In the arid expanse of northeastern Africa, the Sahara reveals its unique geological features through formations like Jabal Arkanū, which is noted for its impressive ring-shaped structures. Located in southeastern Libya, close to the Egyptian border, Arkanū is part of a cluster of massifs that includes Jabal Al Awaynat, approximately 20 kilometers to the southeast, and other ring structures about 90 kilometers to the west.
Initially believed to be the result of meteorite impacts, recent geological studies have shown that these circular formations are actually of terrestrial origin. The structures at Arkanū formed as magma ascended towards the surface, intruding into the surrounding rock over several events. This process created a complex of overlapping rings of igneous basalt and granite, with their centers generally aligned toward the southwest. Notably, a hat-shaped geological formation composed of sandstone, limestone, and quartz layers borders the complex to the north.
A photograph captured from the International Space Station on September 13, 2025, exhibits the massif casting elongated shadows across the desert landscape. The ridges of Jabal Arkanū reach about 1,400 meters above sea level, standing roughly 800 meters taller than the adjacent sandy plains. The photo also showcases outwash fans of boulders, gravel, and sand radiating from the mountain’s base towards the longitudinal dunes that outline the region.
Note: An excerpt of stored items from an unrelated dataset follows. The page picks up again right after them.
Definition wf_tree (s : tree) : bool :=
  [&& (0 < ntype s true)%N, (0 < ntype s false)%N & all (fun e => (e.2 <= size s)%N) s].

Lemma wf_tree_rcons s t j : wf_tree s -> (j <= size s)%N -> wf_tree (rcons s (t, j)).
Proof.
case/and3P => hA hB hpar hj; apply/and3P; split; rewrite ?ntype_rcons ?ltn_addr //.
rewrite all_rcons size_rcons /= (leq_trans hj) //.
by apply: sub_all hpar => e /= /leqW.
Qed.

Lemma outdeg_new s : wf_tree s -> outdeg s (size s).+1 = 0%N.
Proof.
case/and3P => _ _ hpar; apply/eqP; rewrite -leqn0 leqNgt -has_count.
by apply/hasPn => e /(allP hpar) /= he; apply/eqP => he'; rewrite he' ltnn in he.
Qed.

Section Growth.
Variables (R : realType) (p q : R).
Hypotheses (p_gt0 : 0 < p) (p_le1 : p <= 1) (q_ge0 : 0 <= q) (q_le1 : q <= 1).

Local Notation nt s tau := ((ntype s tau)%:R : R).

Definition type_prob (t : bool) : R := if t then p else 1 - p.

Definition parent_prob (tau t : bool) : R := if tau == t then q else 1 - q.

Definition attach_rate (tau : bool) : R :=
  type_prob true * parent_prob tau true + type_prob false * parent_prob tau false.

Definition type_sum (s : tree) (tau : bool) (F : nat -> R) : R :=
  \sum_(v <- iota 1 (size s)) (vtype s v == tau)%:R * F v.

Definition step_expect (s : tree) (g : tree -> R) : R :=
  \sum_(t <- [:: true; false]) \sum_(j <- iota 1 (size s))
    step_prob p q s t j * g (rcons s (t, j)).

Definition expect (m : nat) (g : tree -> R) : R :=
  \sum_(x <- cmrt_dist p q m) x.2 * g x.1.

Lemma type_prob_ge0 t : 0 <= type_prob t.
Proof. by rewrite /type_prob; case: t; rewrite ?subr_ge0 // ltW. Qed.

Lemma parent_prob_ge0 tau t : 0 <= parent_prob tau t.
Proof. by rewrite /parent_prob; case: eqP; rewrite ?subr_ge0. Qed.

Lemma step_probE s t j :
  step_prob p q s t j = type_prob t * (parent_prob (vtype s j) t / nt s (vtype s j)).
Proof. by rewrite /step_prob mulrA. Qed.

Lemma step_prob_ge0 s t j : 0 <= step_prob p q s t j.
Proof. by rewrite step_probE mulr_ge0 ?type_prob_ge0 // divr_ge0 ?parent_prob_ge0. Qed.

Lemma type_sum1 s tau : type_sum s tau (fun=> 1) = nt s tau.
Proof.
rewrite /type_sum /ntype natr_count -[in RHS](mkseq_nth (true, 0%N) s) /mkseq.
rewrite big_map -(addn0 1%N) iotaDl big_map; apply: eq_bigr => i _.
by rewrite mulr1 /vtype add1n.
Qed.

Lemma type_sum_ge0 s tau F : (forall v, 0 <= F v) -> 0 <= type_sum s tau F.
Proof.
by move=> F_ge0; apply: sumr_ge0 => v _; rewrite mulr_ge0 ?F_ge0 ?bool_natr_bounds.
Qed.

Lemma type_sum_le_ntype s tau F : (forall v, F v <= 1) -> type_sum s tau F <= nt s tau.
Proof.
move=> F_le1; rewrite -type_sum1 ler_sum // => v _ /=.
by rewrite ler_wpM2l ?F_le1 ?bool_natr_bounds.
Qed.

Lemma ntype_gt0 s tau : wf_tree s -> 0 < nt s tau.
Proof. by case/and3P => hA hB _; rewrite ltr0n; case: tau. Qed.

Lemma ntypeD s : nt s true + nt s false = (size s)%:R.
Proof.
rewrite -natrD /ntype -(count_predC (fun e : bool * nat => e.1 == true)).
by congr (_ + _)%:R; apply: eq_count => -[[] ?].
Qed.

Lemma type_sumD s tau F G :
  type_sum s tau (fun v => F v + G v) = type_sum s tau F + type_sum s tau G.
Proof. by rewrite /type_sum -big_split; apply: eq_bigr => v _; rewrite mulrDr. Qed.

Lemma type_sumB s tau F G :
  type_sum s tau (fun v => F v - G v) = type_sum s tau F - type_sum s tau G.
Proof. by rewrite /type_sum -sumrB; apply: eq_bigr => v _; rewrite mulrBr. Qed.

Lemma type_sum_type s tau tau' (F : nat -> R) :
  type_sum s tau' (fun v => (vtype s v == tau)%:R * F v) = (tau' == tau)%:R * type_sum s tau F.
Proof.
rewrite /type_sum mulr_sumr; apply: eq_bigr => v _.
by case: (vtype s v); case: tau; case: tau'; rewrite /= ?(mul0r, mul1r).
Qed.

Lemma type_sum_delta s tau j (F : nat -> R) : j \in iota 1 (size s) ->
  type_sum s tau (fun v => (j == v)%:R * F v) = (vtype s j == tau)%:R * F j.
Proof.
move=> hj; rewrite /type_sum (bigD1_seq j) ?iota_uniq //= eqxx mul1r big1 ?addr0 //.
by move=> v /negbTE; rewrite eq_sym => ->; rewrite mul0r mulr0.
Qed.

Lemma type_sum_rcons s e tau F :
  type_sum (rcons s e) tau F = type_sum s tau F + (e.1 == tau)%:R * F (size s).+1.
Proof.
rewrite /type_sum size_rcons -[(size s).+1]addn1 iotaD big_cat big_seq1 add1n vtype_rcons_last.
rewrite addn1; congr (_ + _); apply: eq_big_seq => v; rewrite mem_iota => hv.
by rewrite vtype_rcons //; lia.
Qed.

Lemma eq_type_sum s tau (F G : nat -> R) :
  (forall v, F v = G v) -> type_sum s tau F = type_sum s tau G.
Proof. by move=> FG; apply: eq_bigr => v _; rewrite FG. Qed.

Lemma ntype_rconsR s t j tau : nt (rcons s (t, j)) tau = nt s tau + (t == tau)%:R.
Proof. by rewrite ntype_rcons natrD. Qed.

Lemma sum_step_prob s t (F : nat -> R) :
  \sum_(j <- iota 1 (size s)) step_prob p q s t j * F j =
  type_prob t * (parent_prob true t / nt s true * type_sum s true F +
                 parent_prob false t / nt s false * type_sum s false F).
Proof.
rewrite /type_sum !mulr_sumr -big_split mulr_sumr; apply: eq_bigr => j _.
by rewrite step_probE; case: (vtype s j) => /=; ring.
Qed.

Lemma sum_step_prob1 s t : wf_tree s ->
  \sum_(j <- iota 1 (size s)) step_prob p q s t j = type_prob t.
Proof.
move=> wfs; under eq_bigr do rewrite -[step_prob _ _ _ _ _]mulr1.
rewrite sum_step_prob !type_sum1 !divfK ?gt_eqF ?ntype_gt0 //.
by rewrite /parent_prob; case: t => /=; ring.
Qed.

Lemma step_expect_affine s g A (a : bool -> R) (H : nat -> R) : wf_tree s ->
  (forall t j, j \in iota 1 (size s) -> g (rcons s (t, j)) = A + a t + H j) ->
  step_expect s g = A + (type_prob true * a true + type_prob false * a false) +
    (attach_rate true / nt s true * type_sum s true H +
     attach_rate false / nt s false * type_sum s false H).
Proof.
move=> wfs gE.
have sum_t t : \sum_(j <- iota 1 (size s)) step_prob p q s t j * g (rcons s (t, j)) =
    type_prob t * (A + a t) + \sum_(j <- iota 1 (size s)) step_prob p q s t j * H j.
  rewrite -(sum_step_prob1 t wfs) mulr_suml -big_split /= !big_seq.
  by apply: eq_bigr => j hj; rewrite gE // mulrDr.
rewrite /step_expect !big_cons big_nil addr0 !sum_t !sum_step_prob /attach_rate.
rewrite /parent_prob /=; ring.
Qed.

Lemma step_expect_const s c : wf_tree s -> step_expect s (fun=> c) = c.
Proof.
move=> wfs; rewrite (@step_expect_affine s _ c (fun=> 0) (fun=> 0)) //.
  by rewrite /type_sum !big1 => *; rewrite ?mulr0; ring.
by move=> *; rewrite !addr0.
Qed.

Lemma step_expectD s f g :
  step_expect s (fun s' => f s' + g s') = step_expect s f + step_expect s g.
Proof.
rewrite /step_expect -big_split; apply: eq_bigr => t _.
by rewrite -big_split; apply: eq_bigr => j _; rewrite mulrDr.
Qed.

Lemma step_expectZ s c f : step_expect s (fun s' => c * f s') = c * step_expect s f.
Proof.
rewrite /step_expect mulr_sumr; apply: eq_bigr => t _.
by rewrite mulr_sumr; apply: eq_bigr => j _; rewrite mulrCA.
Qed.

Lemma step_expect_le s f g :
  (forall t j, j \in iota 1 (size s) -> f (rcons s (t, j)) <= g (rcons s (t, j))) ->
  step_expect s f <= step_expect s g.
Proof.
move=> fg; apply: ler_sum => t _; rewrite !big_seq; apply: ler_sum => j hj.
by rewrite ler_wpM2l ?step_prob_ge0 ?fg.
Qed.

(* Expanding [g'^2] around [g s] leaves only the square of the increment. *)
Lemma step_expect_sq_le s (g : tree -> R) (B : R) : wf_tree s ->
  (forall t j, j \in iota 1 (size s) -> `|g (rcons s (t, j)) - g s| <= B) ->
  step_expect s (fun s' => g s' ^+ 2) <=
    g s ^+ 2 + 2 * g s * (step_expect s g - g s) + B ^+ 2.
Proof.
move=> wfs g_incr.
apply: (@le_trans _ _ (step_expect s (fun s' => g s ^+ 2 + B ^+ 2 - 2 * g s * g s
                                              + 2 * g s * g s'))).
  apply: step_expect_le => t j /(g_incr t); rewrite ler_norml => /andP[].
  set y' := g _; set y := g s => *; nra.
rewrite step_expectD step_expect_const // step_expectZ; lra.
Qed.

Lemma expect_succ m g : expect m.+1 g = expect m (step_expect^~ g).
Proof.
rewrite /expect /= big_flatten big_map; apply: eq_bigr => x _.
rewrite !big_cat !big_map big_nil /step_expect !big_cons big_nil !addr0 mulrDr !mulr_sumr.
by congr (_ + _); rewrite ?[in LHS]Monoid.mulm1; apply: eq_big_seq => j _; rewrite /= mulrA.
Qed.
Two typically dry riverbeds, known as wadis, can be seen weaving through the formation. The harsh environment of this part of the Sahara limits water availability to minimal levels, with past research indicating that southeastern Libya, along with northern Sudan and neighboring regions of Egypt, receives an average annual rainfall of merely 1 to 5 millimeters. Areas around Jabal Arkanū, however, benefit from slight increases in precipitation, with estimates rising to 5 to 10 millimeters annually, hinting at a possible orographic effect from these towering mountains.
The image, taken by an astronaut using a Nikon Z9 camera with an 800-millimeter lens, was enhanced to increase contrast and remove any lens artifacts. Supported by the International Space Station Program, the initiative aims to generate valuable imagery for both the scientific community and the public, making it accessible online. This ongoing effort highlights the collaborative nature of space observation and its contributions to our understanding of Earth’s geological history.